A Dowry of Blood

Home > Other > A Dowry of Blood > Page 2
A Dowry of Blood Page 2

by Gibson, S. T.


  I say you do not have a name.

  Bloodlust brings on a delirium that’s difficult to describe. From the first squirt on the tongue to the last dying jerk of your prey under your hands, the whole experience builds and builds into a screaming fever pitch. Those with little imagination have compared it to carnal climax, but I liken it more to religious ecstasy. I have never felt more truly alive in my waking death than when I am taking the life of another person.

  I didn’t start small, with the gentle siphoning of blood from a lover in bed. I launched myself into the midst of my attackers like a fury from myth.

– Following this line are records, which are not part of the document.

Lemma fold_sum_single (l : list nat) (T : nat -> R) k :
  NoDup l -> In k l -> (forall i, In i l -> i <> k -> T i = 0) ->
  fold_right Rplus 0 (map T l) = T k.
Proof.
  induction l as [|j l IH]; intros Hn Hk H; [destruct Hk|].
  inversion Hn as [|? ? Hj Hl]; subst. simpl. destruct Hk as [->|Hk].
  - enough (fold_right Rplus 0 (map T l) = 0) by lra.
    assert (Hz : forall i, In i l -> T i = 0)
      by (intros i Hi; apply H; [right; auto | intros ->; contradiction]).
    clear - Hz. induction l as [|j l IH]; [reflexivity|]. simpl.
    rewrite Hz, IH; [ring | intros; apply Hz |]; simpl; auto.
  - rewrite IH, H; auto; [ring | simpl; auto | intros ->; contradiction |].
    intros; apply H; simpl; auto.
Qed.

Lemma fold_prod_zero (l : list nat) (G : nat -> R) j :
  In j l -> G j = 0 -> fold_right Rmult 1 (map G l) = 0.
Proof.
  induction l as [|j' l IH]; intros Hj HG; [destruct Hj|]. simpl.
  destruct Hj as [->|Hj]; [rewrite HG | rewrite IH]; auto; ring.
Qed.

Lemma fold_prod_one (l : list nat) (G : nat -> R) :
  (forall j, In j l -> G j = 1) -> fold_right Rmult 1 (map G l) = 1.
Proof.
  induction l as [|j l IH]; intros H; [reflexivity|]. simpl.
  rewrite H, IH; [ring | intros; apply H |]; simpl; auto.
Qed.

Lemma lagrange_interp xs phi x : NoDup xs -> In x xs -> lagrange xs phi x = phi x.
Proof.
  intros Hn Hx. destruct (In_nth xs x 0 Hx) as [k [Hk <-]]. unfold lagrange.
  rewrite (fold_sum_single _ _ k); [| apply seq_NoDup | apply in_seq; lia |].
  - rewrite fold_prod_one; [ring|]. intros j Hj.
    apply filter_In in Hj as [Hj Hjk]. apply in_seq in Hj.
    apply Bool.negb_true_iff, Nat.eqb_neq in Hjk.
    field. intros He. apply Hjk, (NoDup_nth xs 0); auto; lia || lra.
  - intros i Hi Hik. rewrite (fold_prod_zero _ _ k); [ring | |].
    + apply filter_In. split; [apply in_seq; lia|].
      apply Bool.negb_true_iff, Nat.eqb_neq. auto.
    + unfold Rdiv. ring.
Qed.

(** * Interpolation error *)

Lemma list_min_exists (l : list R) :
  l <> nil -> exists mu, In mu l /\ forall y, In y l -> mu <= y.
Proof.
  induction l as [|x l IH]; intros H; [congruence|].
  destruct l as [|x' l'].
  - exists x. split; [left; auto|]. intros y [<-|[]]. lra.
  - destruct IH as [mu [Hmu Hle]]; [congruence|].
    destruct (Rle_dec x mu).
    + exists x. split; [left; auto|]. intros y [<-|Hy]; [lra|]. specialize (Hle y Hy). lra.
    + exists mu. split; [right; auto|]. intros y [<-|Hy]; [lra | auto].
Qed.

Lemma increasing_enumeration n (l : list R) : NoDup l -> length l = S n ->
  exists z : nat -> R,
    (forall i, (i <= n)%nat -> In (z i) l) /\ (forall i, (i < n)%nat -> z i < z (S i)).
Proof.
  revert l. induction n as [|n IH]; intros l Hn Hl.
  - destruct l as [|x l]; [discriminate|]. exists (fun _ => x).
    split; [intros; left; auto | intros; lia].
  - destruct (list_min_exists l) as [mu [Hmu Hle]]; [intros ->; discriminate|].
    destruct (in_split mu l Hmu) as [l1 [l2 ->]].
    assert (Hin : forall y, In y (l1 ++ l2) -> In y (l1 ++ mu :: l2)).
    { intros y Hy. apply in_app_or in Hy. apply in_or_app. simpl. tauto. }
    destruct (IH (l1 ++ l2)) as [z [Hz1 Hz2]].
    { eapply NoDup_remove_1; eauto. }
    { rewrite length_app in *. simpl in Hl. lia. }
    exists (fun i => match i with O => mu | S i' => z i' end). split.
    + intros [|i] Hi; [auto | apply Hin, Hz1; lia].
    + intros [|i] Hi; [|apply Hz2; lia].
      assert (Hz0 := Hz1 0%nat ltac:(lia)).
      assert (mu <> z 0%nat) by (intros ->; eapply NoDup_remove_2; eauto).
      specialize (Hle _ (Hin _ Hz0)). lra.
Qed.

  And I didn’t just kill them. I tore them to pieces.

  There were five or six men. I hadn’t been able to keep count when they attacked, and I didn’t bother counting them when I descended. They seemed to be one writhing, pulsating mass, a horde of insects best eradicated in a furious stomp of my boot. Before you found me, I wouldn’t have been able to fight off one of them, let alone half a dozen. But your blood made me strong, stronger than any human had a right to be. It evaporated my fear and propelled me forward into their ranks, my mouth twisted into a snarl.

  One of them looked over his shoulder and saw me coming, his face half-illuminated by the cooking fire.

  He opened his mouth to shout. I wrapped my fingers around his upper and lower sets of teeth and wrenched his jaw apart before he had the chance.

  The others fell so easily. I gouged eyes, snapped necks, fractured ribs, tore open the tender flesh of inner arms with my burgeoning teeth. My gums split, mingling my blood with the blood of my assailants, as I fed from them again and again. Only one of them tried to flee, staggering into the dark and right into your arms. You broke his leg with a swift, efficient kick, then sent him hobbling back my way like a parent turning around a wind-up soldier wandering too close to the playroom door.

  When it was over, I stood unsteadily amidst the bodies, panting hard. I was satisfied with what I had done, with no treacherous regret creeping in at the edges, but I didn’t feel exactly… satiated. The hunger was still there, quiet but present despite my churning stomach full of blood, and I didn’t feel as clean and vindicated as I had hoped. The horror of being beaten while my family burned to death still existed, seared into my memory though my body no longer bore the marks. The appetite for revenge those men had sown in me was still there, curled up tight and sleeping fitfully.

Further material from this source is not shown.